A total of 250 combinations are generated based on the full dual algorithm. Select traffic with 27 typical characteristics to make ‘GET’,’POST’,’PUT’,’DELETE’,’HEAD’,’OPTIONS’,’TRACE’ and ‘CONNECT’ requests respectively. The number of traffic types was 278=216. In 250 configurations, the 216 flows were passed and the protection techniques were recorded, and the protection records of 250,216 = 54,000 scenarios were obtained.

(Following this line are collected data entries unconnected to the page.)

Lemma rank_source_inj1 e :
  rank (@plt (P2 \oo P1)) (@source_edge C) (inj1 e) = rank lt1 (@source_edge G1) e.
Proof.
exact: (@rank_embed G1 C _ _ _ _ _ inj1_inj inj1_lt source_edge_inj1 source_edge_comp e).
Qed.

End Composition.

Section Postcomposition.
Variable H : popgraph.
Hypothesis H_pop : is_pop H.
Variable v : gV (pg H).
Hypothesis internalE : forall w, internal w = (w == v).
Variable c0 : gE (pg H).
Hypothesis c0_src : gsrc c0 = v.

Let progH := pop_progressive H_pop.

Lemma v_not_source : ~~ is_source v.
Proof. by apply: (internal_not_source progH); rewrite internalE. Qed.

Lemma c0_not_input : ~~ input_edge c0.
Proof. by have := internalE v; rewrite eqxx /internal /input_edge c0_src. Qed.

Lemma c0_sink : sink_edge c0.
Proof.
apply: contraT => /(internal_of_not_source_sink (tgt_not_source c0)).
by rewrite internalE -c0_src (negbTE (tgt_neq_src progH c0)).
Qed.

Definition v_nonsource : {w : gV (pg H) | ~~ is_source w} := Sub v v_not_source.

Definition comp_c0 (G : popgraph) : compE G H :=
  inl (inr (Sub c0 c0_not_input)).

Section Iso.
Variables G1 G2 : popgraph.
Hypotheses (G1_pop : is_pop G1) (G2_pop : is_pop G2).
Hypotheses (G1H : comp_defined G1 H) (G2H : comp_defined G2 H).
Variables (fV : compV G1 H -> compV G2 H) (fE : compE G1 H -> compE G2 H).
Hypothesis f_iso : pop_iso_maps (P := H \oo G1) (Q := H \oo G2) fV fE.

Let f_src e : comp_src (fE e) = fV (comp_src e).
Proof. by case: f_iso => _ _ src _ _; apply: src. Qed.
Let f_tgt e : comp_tgt (fE e) = fV (comp_tgt e).
Proof. by case: f_iso => _ _ _ tgt _; apply: tgt. Qed.
Local Notation inj2_1 := (inj2 (comp_c0 G1)).
Local Notation inj2_2 := (inj2 (comp_c0 G2)).

Lemma iso_fixes_sink_edge c : sink_edge c -> fE (inj2_1 c) = inj2_2 c.
Proof.
move=> sc.
have sink_fc : @sink_edge (comp_graph G2 H) (fE (inj2_1 c)).
  by rewrite (pop_iso_maps_sink_edge f_iso) (sink_edge_inj2 _ G1_pop H_pop G1H).
have [c' fc] := sink_edge_comp (comp_c0 G2) G2_pop H_pop G2H sink_fc.
have sc' : sink_edge c' by rewrite -(sink_edge_inj2 (comp_c0 G2) G2_pop H_pop G2H) -fc.
rewrite fc; congr inj2; apply: (rank_inj (pop_linear H_pop) sc' sc).
rewrite -(rank_sink_inj2 (comp_c0 G2) G2_pop H_pop G2H) -fc (pop_iso_maps_rank_sink f_iso).
exact: rank_sink_inj2.
Qed.
(* W is split when it is the direct sum of its intersections with the summands,
   i.e. when it is stable under all the projections. *)
Definition is_split (W : {vspace S}) := forall i x, x \in W -> prj i x \in W.

Lemma split_sum_summands (Us : I -> {vspace S}) :
  (forall i, (Us i <= summand i)%VS) -> is_split (\sum_i Us i).
Proof.
move=> sUs i x; rewrite !mem_sum_summands // => /forallP prj_in; apply/forallP => j.
rewrite (prj_summand j (prj_in_summand i x)).
by case: eqP => [->|_]; [exact: prj_in | exact: mem0v].
Qed.

Lemma split_decomposition W : is_split W -> W = (\sum_i (W :&: summand i))%VS.
Proof.
move=> splitW; apply/vspaceP => x; rewrite mem_sum_summands => [|i]; last exact: capvSr.
apply/idP/forallP => [xW i|prj_in]; first by rewrite memv_cap splitW // prj_in_summand.
rewrite (sum_prj x) memv_suml // => i _.
by move/memv_capP: (prj_in i) => [].
Qed.

Lemma dim_split W : is_split W -> \dim W = (\sum_i \dim (W :&: summand i))%N.
Proof.
move=> splitW; rewrite {1}(split_decomposition splitW) dim_sum_summands // => i.
exact: capvSr.
Qed.

End Components.
Arguments single {K I n} i g.
Arguments prj {K I n} i.
Arguments summand {K I n} i.
Arguments is_split {K I n} W.
Arguments single_summand {K I n} i g.

Section Transport.
Variables (K : fieldType) (I' I : finType) (phi : I' -> I) (n' : I' -> nat) (n : I -> nat).
Hypothesis n'_phi : forall i', n' i' = n (phi i').
Local Notation S := (Fsp K n).
Local Notation S' := (Fsp K n').

Definition place (i' : I') : 'Hom(S, S') := linfun (fun y => single i' (coordV y (phi i'))).
Definition push (i' : I') : 'Hom(S', S) := linfun (fun x => single (phi i') (coordV x i')).

Lemma coordV_place i' y j' k :
  coordV (place i' y) j' k = if (j' == i') && (k < n' j')%N then coordV y (phi i') k else 0.
Proof.
rewrite linfunE ?coordV_single // => a x1 y1; apply: coordV_ext => j k'.
by rewrite coordV_lin !coordV_single coordV_lin; case: ifP; rewrite ?mulr0 ?addr0.
Qed.

Lemma coordV_push i' x j k :
  coordV (push i' x) j k = if (j == phi i') && (k < n j)%N then coordV x i' k else 0.
Proof.
rewrite linfunE ?coordV_single // => a x1 y1; apply: coordV_ext => j' k'.
by rewrite coordV_lin !coordV_single coordV_lin; case: ifP; rewrite ?mulr0 ?addr0.
Qed.

Lemma place_in_summand i' y : place i' y \in summand i'.
Proof.
rewrite memv_summand; apply/eqP/coordV_ext => j k; rewrite coordV_prj coordV_place.
by case: eqP.
Qed.

Lemma push_in_summand i' x : push i' x \in summand (phi i').
Proof.
rewrite memv_summand; apply/eqP/coordV_ext => j k; rewrite coordV_prj coordV_push.
by case: eqP.
Qed.

Lemma push_place i' y : push i' (place i' y) = prj (phi i') y.
Proof.
apply: coordV_ext => j k; rewrite coordV_push coordV_prj coordV_place eqxx /=.
case: eqP => [->|_]; last by rewrite andFb.
by rewrite n'_phi /=; case: ltnP => // k_ge; rewrite coordV_out.
Qed.

Lemma push_place_neq j' i' y : j' != i' -> push j' (place i' y) = 0.
Proof.
move=> j'_i'; apply: coordV_ext => j k.
by rewrite coordV_push coordV_place (negPf j'_i') coordV0; case: ifP.
Qed.

Lemma place_push i' x : place i' (push i' x) = prj i' x.
Proof.
apply: coordV_ext => j k; rewrite coordV_place coordV_prj coordV_push eqxx /=.
case: eqP => [->|_]; last by rewrite andFb.
by rewrite n'_phi; case: ltnP => // k_ge; rewrite coordV_out // n'_phi.
Qed.

Lemma place_push_neq i' j' x : phi i' != phi j' -> place i' (push j' x) = 0.
Proof.
move=> fibres_differ; apply: coordV_ext => l k.
by rewrite coordV_place coordV_push (negPf fibres_differ) coordV0; case: ifP.
Qed.

Lemma push_prj i' j' x : push i' (prj j' x) = if j' == i' then push i' x else 0.
Proof.
apply: coordV_ext => j k; case: (eqVneq j' i') => [->|j'_i'].
  by rewrite !coordV_push coordV_prj eqxx.
by rewrite coordV0 coordV_push coordV_prj (eq_sym i' j') (negPf j'_i'); case: ifP.
Qed.

Lemma place_prj i' j y : place i' (prj j y) = if phi i' == j then place i' y else 0.
Proof.
apply: coordV_ext => l k; rewrite coordV_place coordV_prj.
case: (eqVneq (phi i') j) => [i'_j|i'_j] /=; first by rewrite coordV_place i'_j.
by rewrite coordV0; case: ifP.
Qed.

Definition lift (U : {vspace S}) : {vspace S'} := (\bigcap_(i' : I') (push i' @^-1: U))%VS.

Lemma mem_lift U x : (x \in lift U) = [forall i', push i' x \in U].
Proof. by rewrite memv_bigcap; apply: eq_forallb => i'; rewrite -memv_preim. Qed.

Lemma liftS U W : (U <= W)%VS -> (lift U <= lift W)%VS.
Proof.
move=> sUW; apply/subvP => x; rewrite !mem_lift => /forallP pushU.
by apply/forallP => i'; apply: (subvP sUW).
Qed.
Definition left_at r j : {ffun 'I_r -> bool} := [ffun i : 'I_r => i.+1 != j].

Lemma nleft_true r i : nleft (fun _ : 'I_r => true) i = 0.
Proof. by rewrite /nleft big1 // => t _; rewrite andbF. Qed.

Lemma nleft_left_at r j i : 1 <= j <= r -> nleft (left_at r j) i = (j <= i).
Proof.
case/andP=> j_gt0 le_j; have lt_j : j.-1 < r by rewrite prednK.
rewrite /nleft (bigD1 (Ordinal lt_j)) //= big1 ?addn0.
  by rewrite ffunE /= prednK // eqxx andbT.
move=> t ne_t; rewrite ffunE negbK.
have ne_tj : val t != j.-1 by apply: contra ne_t => /eqP eq_t; apply/eqP/val_inj.
by rewrite -(eqn_add2r 1) !addn1 prednK // in ne_tj; rewrite (negbTE ne_tj) andbF.
Qed.

Lemma nleft_eq1 r (v : {ffun 'I_r -> bool}) :
  nleft v r = 1 -> exists2 j, 1 <= j <= r & v = left_at r j.
Proof.
move=> one_left.
have : \sum_(t < r | predT t) (~~ v t : nat) == 1.
  by rewrite -one_left; apply/eqP/eq_bigr => t _; rewrite ltn_ord.
case/sum_nat_eq1=> i [_ vi others]; exists i.+1; first exact: ltn_ord.
apply/ffunP => t; rewrite ffunE eqSS.
have [->|ne_ti] := eqVneq t i; first by rewrite eqxx; case: (v i) vi.
by have := others t ne_ti isT; case: (v t).
Qed.

Lemma left_at_inj r j j' : 1 <= j <= r -> 1 <= j' <= r ->
  left_at r j = left_at r j' -> j = j'.
Proof.
move=> hj hj' eq_left.
have nleft_eq k : nleft (left_at r j) k = nleft (left_at r j') k by rewrite eq_left.
have := nleft_eq j; have := nleft_eq j'; rewrite !nleft_left_at // !leqnn.
by case: leqP; case: leqP => //=; lia.
Qed.

Lemma sum_left_at_eq r j (F : nat -> nat) : 1 <= j <= r ->
  \sum_(1 <= j' < r.+1 | left_at r j == left_at r j') F j' = F j.
Proof.
move=> hj; rewrite big_nat_cond.
rewrite (eq_bigl (fun j' => (1 <= j' < r.+1) && (j' == j))) => [|j'].
  by rewrite big_nat1_cond_eq ltnS hj.
apply: andb_id2l => hj'; apply/eqP/eqP => [|->] //.
by move=> /(left_at_inj hj hj').
Qed.

Lemma sum_left_at_none r (v : {ffun 'I_r -> bool}) (F : nat -> nat) :
  (forall j, 1 <= j <= r -> v != left_at r j) ->
  \sum_(1 <= j < r.+1 | v == left_at r j) F j = 0.
Proof.
move=> none; rewrite big_nat_cond big1 // => j /andP[hj /eqP eq_v].
by case/eqP: (none j hj).
Qed.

The recorded result is as follows: there are three parts in total. The first part is the configuration item combination data, the second part is the name of the traffic sent, and the last column is the protection method used by the tested end.

The data is ready to be handed over to the AI. But the team only has test experts, not AI experts. We consulted an AI expert in Tencent, who thought it feasible after understanding our needs, but the specific implementation still puzzled us. Because AI knowledge is so different from testing knowledge, learning it from scratch is like reading a book.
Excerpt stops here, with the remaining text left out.